Lemma local_factor_propto j (SX SZ : {set 'I_m}) :
  SX \subset dvar HX j -> SZ \subset dvar HZ j ->
  propto (fun p : F2 * F2 => Qphi Q j (phi p.1 p.2) *
            (\prod_(k in SX) mXh k j (phi p.1 p.2)) * (\prod_(k in SZ) mZh k j (phi p.1 p.2)))
         (fun p => Q j p.1 p.2 * (\prod_(k in SX) nuh k j p.2) * (\prod_(k in SZ) muh k j p.1)).
Proof.
move=> /subsetP sSX /subsetP sSZ.
have prod_propto (S : {set 'I_m}) (f g : 'I_m -> F2 * F2 -> R) :
    (forall k, k \in S -> propto (f k) (g k)) ->
    propto (fun p => \prod_(k in S) f k p) (fun p => \prod_(k in S) g k p).
  move=> fg; have := propto_prod (index_enum _) (P := fun k => k \in S) fg.
  exact: (propto_comp (fun p (k : 'I_m) => p)).
apply: propto_mul; first apply: propto_mul.
- by apply: eq_propto => p; rewrite Qphi_phi.
- by apply: prod_propto => k /sSX /(proj1 (check_compat j)).
- by apply: prod_propto => k /sSZ /(proj2 (check_compat j)).
Qed.

Lemma nu_propto_marginal j i (nu_ji : F2 -> R) (mX_ji : F4 -> R) : i \in dvar HX j ->
  propto nu_ji (nu_upd HX HZ Q nuh muh j i) -> propto mX_ji (mX_upd HX HZ Q mXh mZh j i) ->
  propto nu_ji (fun z => \sum_(x : F2) mX_ji (phi x z)).
Proof.
move=> Hi nuE mXE; apply: (propto_trans nuE); apply: propto_sym.
apply: (propto_trans (propto_sum _ _ (fun x z => phi x z) mXE)).
exact: (propto_sum _ _ (fun x z => (x, z)) (local_factor_propto (subD1set _ _) (subxx _))).
Qed.

Lemma mu_propto_marginal j i (mu_ji : F2 -> R) (mZ_ji : F4 -> R) : i \in dvar HZ j ->
  propto mu_ji (mu_upd HX HZ Q nuh muh j i) -> propto mZ_ji (mZ_upd HX HZ Q mXh mZh j i) ->
  propto mu_ji (fun x => \sum_(z : F2) mZ_ji (phi x z)).
Proof.
move=> Hi muE mZE; apply: (propto_trans muE); apply: propto_sym.
apply: (propto_trans (propto_sum _ _ (fun z x => phi x z) mZE)).
exact: (propto_sum _ _ (fun z x => (x, z)) (local_factor_propto (subxx _) (subD1set _ _))).
Qed.
Lemma lim_prod_one (s : nat -> G) (J : nat) (L : G) :
  (forall i, (J <= i)%N -> s i = one) ->
  (fun n => \big[mul/one]_(J <= i < n) s i) @ \oo --> L -> L = one.
Proof.
move=> s1; rewrite (_ : (fun n => _) = fun=> one) => [sL|].
  by apply: (cvg_unique hG sL) => /=; exact: cvg_cst.
apply: funext => n; rewrite big_nat_cond big1 // => i /andP[/andP[Ji _] _].
exact: s1.
Qed.

End Limits.

Lemma nbhs_tg_mul (W : set G) : nbhs one W ->
  exists A B, [/\ nbhs one A, nbhs one B & forall a b, A a -> B b -> W (mul a b)].
Proof.
rewrite -[in nbhs one W](tg_mulg1 gs one) => /(@tg_mul_cont _ gs (one, one)).
by case=> -[A B] /= [nA nB] AB; exists A, B; split=> // a b Aa Bb; exact: (AB (a, b)).
Qed.

Lemma nbhs_tg_inv (W : set G) : nbhs one W -> nbhs one (inv @^-1` W).
Proof. by rewrite -[in nbhs one W]tg_invg1; exact: tg_inv_cont. Qed.

Lemma nbhs_one_sandwich (W : set G) : nbhs one W ->
  exists V, [/\ open V, V one &
    forall p s t, V p -> V s -> V t -> W (mul (inv p) (mul s (inv t)))].
Proof.
move=> /nbhs_tg_mul [A1 [B1 [nA1 /nbhs_tg_mul [A2 [B2 [nA2 nB2 AB2]]] AB1]]].
have : nbhs one (inv @^-1` A1 `&` A2 `&` inv @^-1` B2).
  by apply: filterI; [apply: filterI; [exact: nbhs_tg_inv|] | exact: nbhs_tg_inv].
rewrite nbhsE => -[V [oV V1] VA]; exists V; split=> // p s t Vp Vs Vt.
have [[Ap _] _] := VA p Vp; have [[_ As] _] := VA s Vs; have [_ Bt] := VA t Vt.
exact: AB1 (AB2 _ _ As Bt).
Qed.

Lemma closure_sandwich_sub (W V : set G) : open V -> V one ->
  (forall p s t, V p -> V s -> V t -> W (mul (inv p) (mul s (inv t)))) ->
  closure V `<=` W.
Proof.
move=> oV V1 VW g clVg.
have : nbhs g [set h | V (mul h (inv g))].
  apply: (@cvg_tg_mul _ _ _ id (fun=> inv g) g (inv g) cvg_id (cvg_cst _)).
  by rewrite tg_mulgV; exact: open_nbhs_nbhs.
move=> /clVg [h [Vh Vhg]].
have := VW _ _ _ Vhg Vh V1.
by rewrite tg_invM tg_invgK tg_invg1 tg_mulg1 -tg_mulA tg_mulVg tg_mulg1.
Qed.

Lemma nss_escape : NSS gs -> exists E V : set G, [/\ open E, open V, V one,
  forall g, g <> one -> exists k, E (gpow g k) &
  forall p g t, V p -> E g -> V t -> ~ V (mul (mul p g) t)].
Proof.
case=> U [oU [U1 nssU]].
have [V0 [oV0 V01 V0U]] := nbhs_one_sandwich (open_nbhs_nbhs (conj oU U1)).
have [V [oV V1 VV0]] := nbhs_one_sandwich (open_nbhs_nbhs (conj oV0 V01)).
exists (~` closure V0), V; split=> //.
- exact/closed_openC/closed_closure.
- move=> g /(nss_zpow nssU) [k gkU]; exists k.
  by move=> /(closure_sandwich_sub oV0 V01 V0U).
- move=> p g t Vp clg Vt Vpgt; apply/clg/subset_closure.
  by have := VV0 _ _ _ Vp Vpgt Vt; rewrite tg_mulgK tg_mulKg.
Qed.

* * * * * * * * *

Assigned task: Wherever a line in the records contains the word "move", copy that line.

Expected answer:
move=> /subsetP sSX /subsetP sSZ.
  move=> fg; have := propto_prod (index_enum _) (P := fun k => k \in S) fg.
move=> Hi nuE mXE; apply: (propto_trans nuE); apply: propto_sym.
move=> Hi muE mZE; apply: (propto_trans muE); apply: propto_sym.
move=> s1; rewrite (_ : (fun n => _) = fun=> one) => [sL|].
move=> /nbhs_tg_mul [A1 [B1 [nA1 /nbhs_tg_mul [A2 [B2 [nA2 nB2 AB2]]] AB1]]].
move=> oV V1 VW g clVg.
move=> /clVg [h [Vh Vhg]].
- move=> g /(nss_zpow nssU) [k gkU]; exists k.
  by move=> /(closure_sandwich_sub oV0 V01 V0U).
- move=> p g t Vp clg Vt Vpgt; apply/clg/subset_closure.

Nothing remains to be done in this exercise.